Do It Yourself LSTM with TensorFlow

After reading the great post Understanding LStM Networks by Christopher Olah, I was curious how an actual implementation would look like in TensorFlow, without using its built-in nn.rnn_cell.LSTMCell.

Below you'll find an implementation explained with Christopher Olah's words and illustrations. If you haven't already you might want to go to the original and read the whole post to understand what LSTMs are and how they are working in general before diving into details here.

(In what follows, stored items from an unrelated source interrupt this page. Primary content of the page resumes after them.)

Lemma is_derive_Fmid (p beta A : R) : 0 < p < 1 -> 0 < beta <= PI / 2 ->
  p < A -> A ^ 2 < Athr2 p beta ->
  is_derive (Fmid p beta) A (A / sqrt (A ^ 2 - p ^ 2) * / sqrt (Athr2 p beta - A ^ 2)).
Proof.
  intros Hp Hb HA Hg.
  pose proof (sin_gt_0_half_pi _ Hb) as Hsin.
  assert (Hq : 0 < sqrt (1 - p ^ 2)) by (apply sqrt_lt_R0; nra).
  set (r := sin beta * sqrt (1 - p ^ 2)).
  assert (Hr : 0 < r) by (unfold r; nra).
  assert (Hr2 : r ^ 2 = sin beta ^ 2 * (1 - p ^ 2))
    by (unfold r; rewrite Rpow_mult_distr, pow2_sqrt by nra; reflexivity).
  assert (HS : 0 < sqrt (A ^ 2 - p ^ 2)) by (apply sqrt_lt_R0; nra).
  assert (HS2 : sqrt (A ^ 2 - p ^ 2) ^ 2 = A ^ 2 - p ^ 2) by (apply pow2_sqrt; nra).
  unfold Athr2 in Hg |- *.
  set (x := sqrt (A ^ 2 - p ^ 2) / r).
  assert (Hx : -1 < x < 1).
  { unfold x; split.
    - apply Rlt_le_trans with 0; [lra | apply Rle_div_r; lra].
    - apply Rlt_div_l; [lra|]. nra. }
  assert (Hdx : is_derive (fun A => sqrt (A ^ 2 - p ^ 2) / r) A
                  (A / (r * sqrt (A ^ 2 - p ^ 2)))).
  { auto_derive; [nra|].
    replace (A * (A * 1) + - (p * (p * 1))) with (A ^ 2 - p ^ 2) by ring. field. lra. }
  assert (Hdacos : is_derive acos x (-1 / sqrt (1 - x²))).
  { apply is_derive_Reals, (derive_pt_eq_1 _ _ _ (derivable_pt_acos x Hx)).
    apply derive_pt_acos. }
  assert (Hsq : sqrt (1 - x²) * r = sqrt (p ^ 2 + sin beta ^ 2 * (1 - p ^ 2) - A ^ 2)).
  { rewrite <- (sqrt_pow2 r) by lra. rewrite <- sqrt_mult.
    - f_equal. unfold x, Rsqr. field_simplify; [|lra]. rewrite HS2, Hr2. field.
    - unfold Rsqr in Hx |- *. nra.
    - nra. }
  assert (0 < sqrt (1 - x²)) by (apply sqrt_lt_R0; unfold Rsqr; nra).
  pose proof (is_derive_minus (fun _ => PI / 2) _ A _ _ (is_derive_const (PI / 2) A)
    (is_derive_comp acos (fun A => sqrt (A ^ 2 - p ^ 2) / r) A _ _ Hdacos Hdx)) as Hd.
  unfold Fmid. fold r.
  replace (A / sqrt (A ^ 2 - p ^ 2) * / sqrt (p ^ 2 + sin beta ^ 2 * (1 - p ^ 2) - A ^ 2))
    with (minus 0 (scal (A / (r * sqrt (A ^ 2 - p ^ 2))) (-1 / sqrt (1 - x²)))).
  - eapply is_derive_ext; [|exact Hd]. intros y; simpl. unfold minus, plus, opp; simpl. ring.
  - rewrite <- Hsq. unfold minus, plus, opp, scal, mult; simpl. unfold mult; simpl.
    field. replace (A * (A * 1) - p * (p * 1)) with (A ^ 2 - p ^ 2) by ring.
    repeat split; lra.
Qed.

Lemma Fmid_sums_eq0_inv_sqrt (K : nat) (c beta : nat -> R) (p0 b : R) :
  0 < p0 < 1 ->
  (forall k, (k < K)%nat -> c k <> 0 -> 0 < beta k <= PI / 2) ->
  (forall A k, p0 < A < b -> (k < K)%nat -> c k <> 0 -> A ^ 2 < Athr2 p0 (beta k)) ->
  (forall A, p0 < A < b -> fsum (fun k => c k * Fmid p0 (beta k) A) K = 0) ->
  forall A, p0 < A < b ->
  fsum (fun k => c k * / sqrt (Athr2 p0 (beta k) - A ^ 2)) K = 0.
Proof.
  intros Hp0 Hbeta Hthr H0 A HA.
  assert (Hd := is_derive_fsum_scal K c (fun k => Fmid p0 (beta k))
    (fun k => A / sqrt (A ^ 2 - p0 ^ 2) * / sqrt (Athr2 p0 (beta k) - A ^ 2)) A
    (fun k Hk Hc => is_derive_Fmid _ _ _ Hp0 (Hbeta k Hk Hc) (proj1 HA)
                      (Hthr A k HA Hk Hc))).
  apply (is_derive_eq0_on_interval _ p0 b A _ HA H0) in Hd.
  rewrite (fsum_ext _ (fun k => A / sqrt (A ^ 2 - p0 ^ 2) *
             (c k * / sqrt (Athr2 p0 (beta k) - A ^ 2)))) in Hd by (intros; ring).
  rewrite fsum_mult_l in Hd.
  assert (0 < sqrt (A ^ 2 - p0 ^ 2)) by (apply sqrt_lt_R0; nra).
  assert (0 < A / sqrt (A ^ 2 - p0 ^ 2)) by (apply Rdiv_lt_0_compat; lra).
  destruct (Rmult_integral _ _ Hd); [lra | assumption].
Qed.

Lemma Fbin_lin_indep (K : nat) (p beta : nat -> R)
  (hp : forall k, (k < K)%nat -> 0 < p k < 1)
  (hbeta : forall k, (k < K)%nat -> 0 < beta k <= PI / 2)
  (hdist : forall i j, (i < K)%nat -> (j < K)%nat -> i <> j ->
           (p i, beta i) <> (p j, beta j))
  (w : nat -> R) :
  (forall A, 0 <= A <= 1 -> fsum (fun k => w k * Fbin (p k) (beta k) A) K = 0) ->
  forall k, (k < K)%nat -> w k = 0.
Proof.
  intros Hw k Hk. destruct (Req_dec (w k) 0) as [|Hwk]; auto. exfalso.
  destruct (ex_argmin_finite K (fun k => w k <> 0) p) as [k0 [Hk0 [Hwk0 Hmin]]]; [eauto|].
  set (p0 := p k0). assert (Hp0 : 0 < p0 < 1) by (apply hp; auto).
  (* a window [(p0, b)] in which every bin with [p k > p0] vanishes and every bin
     with [p k = p0] is in its arccos regime *)
  destruct (ex_gt_le_finite K
    (fun k => if Rlt_dec p0 (p k) then p k else Athr p0 (beta k)) p0) as [d [Hd Hle]].
  { intros j Hj. destruct (Rlt_dec p0 (p j)); auto. apply Athr_gt; auto. }
  set (b := Rmin d 1).
  assert (Hb : p0 < b <= d) by (split; [apply Rmin_glb_lt; lra | apply Rmin_l]).
  assert (Hthr : forall A j, p0 < A < b -> (j < K)%nat -> p j = p0 -> A < Athr p0 (beta j)).
  { intros A j HA Hj Ej. specialize (Hle j Hj). rewrite Ej in Hle.
    destruct (Rlt_dec p0 p0); lra. }
  set (c := fun k => if Req_EM_T (p k) p0 then w k else 0).
  assert (Hc : forall j, c j <> 0 -> p j = p0).
  { intros j. unfold c. destruct (Req_EM_T (p j) p0); tauto. }
  assert (Hwin : forall A, p0 < A < b -> fsum (fun k => c k * Fmid p0 (beta k) A) K = 0).
  { intros A HA. assert (Hb1 : b <= 1) by apply Rmin_r.
    rewrite <- (Hw A) by lra. apply fsum_ext. intros j Hj. unfold c.
    destruct (Req_EM_T (p j) p0) as [Ej|Nj].
    - rewrite Ej, Fbin_mid; auto. split; [lra | apply Hthr; auto].
    - destruct (Req_dec (w j) 0) as [->|Hwj]; [ring|].
      assert (Hlt : p0 < p j) by (specialize (Hmin j Hj Hwj); fold p0 in Hmin; lra).
      specialize (Hle j Hj). destruct (Rlt_dec p0 (p j)); [|lra].
      rewrite Fbin_le by lra. ring. }
  assert (Hsq : forall A j, p0 < A < b -> (j < K)%nat -> c j <> 0 ->
                  A ^ 2 < Athr2 p0 (beta j))
    by (intros; apply sq_lt_Athr2; [lra | apply Hthr; auto]).
  apply Hwk0. replace (w k0) with (c k0) by (unfold c; destruct (Req_EM_T (p k0) p0); tauto).
  apply (inv_sqrt_sums_eq0_coef_eq0 K c (fun k => Athr2 p0 (beta k)) p0 b); auto; try lra.
  - intros i j Hi Hj Hij Hci Hcj E. apply (hdist i j Hi Hj Hij).
    rewrite (Hc i Hci), (Hc j Hcj), (Athr2_inj_beta p0 (beta i) (beta j)); auto.
  - apply (Fmid_sums_eq0_inv_sqrt K c beta p0 b); auto.
Qed.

Keep in mind that this is probaly nothing you'll want to use in some real world scenario, since you'll achieve better results with TensorFlow's own LSTM and RNN implementations (if you're interested in that, checkout another notebook I've made). This post is intended for educational purposes only, if you want, like me, to learn how a LSTM is working

You can download this post as a Jupyter playbook from the GitHub repo.

1. Example Usecase

Let's say I'm showing you different combinations of the signs +, -, 0 and I, end tell you for every sequence the resulting sum:

  • +++3
  • ---2
  • +---1
  • 00+1
  • I+-1
  • --1
  • I0-1
  • -I---1
  • ...

You'd probaly get pretty quickly that + means "plus 1", - means "minus 1", 0 means "do nothing" and I inverts the meaning of following characters.

As soon as you identify these meanings I could give you arbitrarily long sequences, one sign at a time, and you were able to tell me the current sum at each step. But playing this with humans gets boring for everyone involved pretty quickly and would miss the point of this post, so let's rather take this as an example use case for our LSTM endeavour: Our goal is to build a LSTM with TensorFlow, get it to understand the meaning of those signs and enable it to calculate the sum at each step in an arbitrarily chosen sequences.

2. The Data

I built a simple script that generates all possible combinations of +, -, 0 and I. To keep it simple we'll use a sequence length of 6, which will result in 6^4 = 4096 combinations. Those combinations get shuffled by the data generator, but since I fixed the seed of the randomizer, it will always generate them in the same "random" order.

import numpy as np
from pprint import pprint
import datetime

import data_generator

sequence_length = 6

reference_input_data, reference_output_data = data_generator.getSequences(sequence_length)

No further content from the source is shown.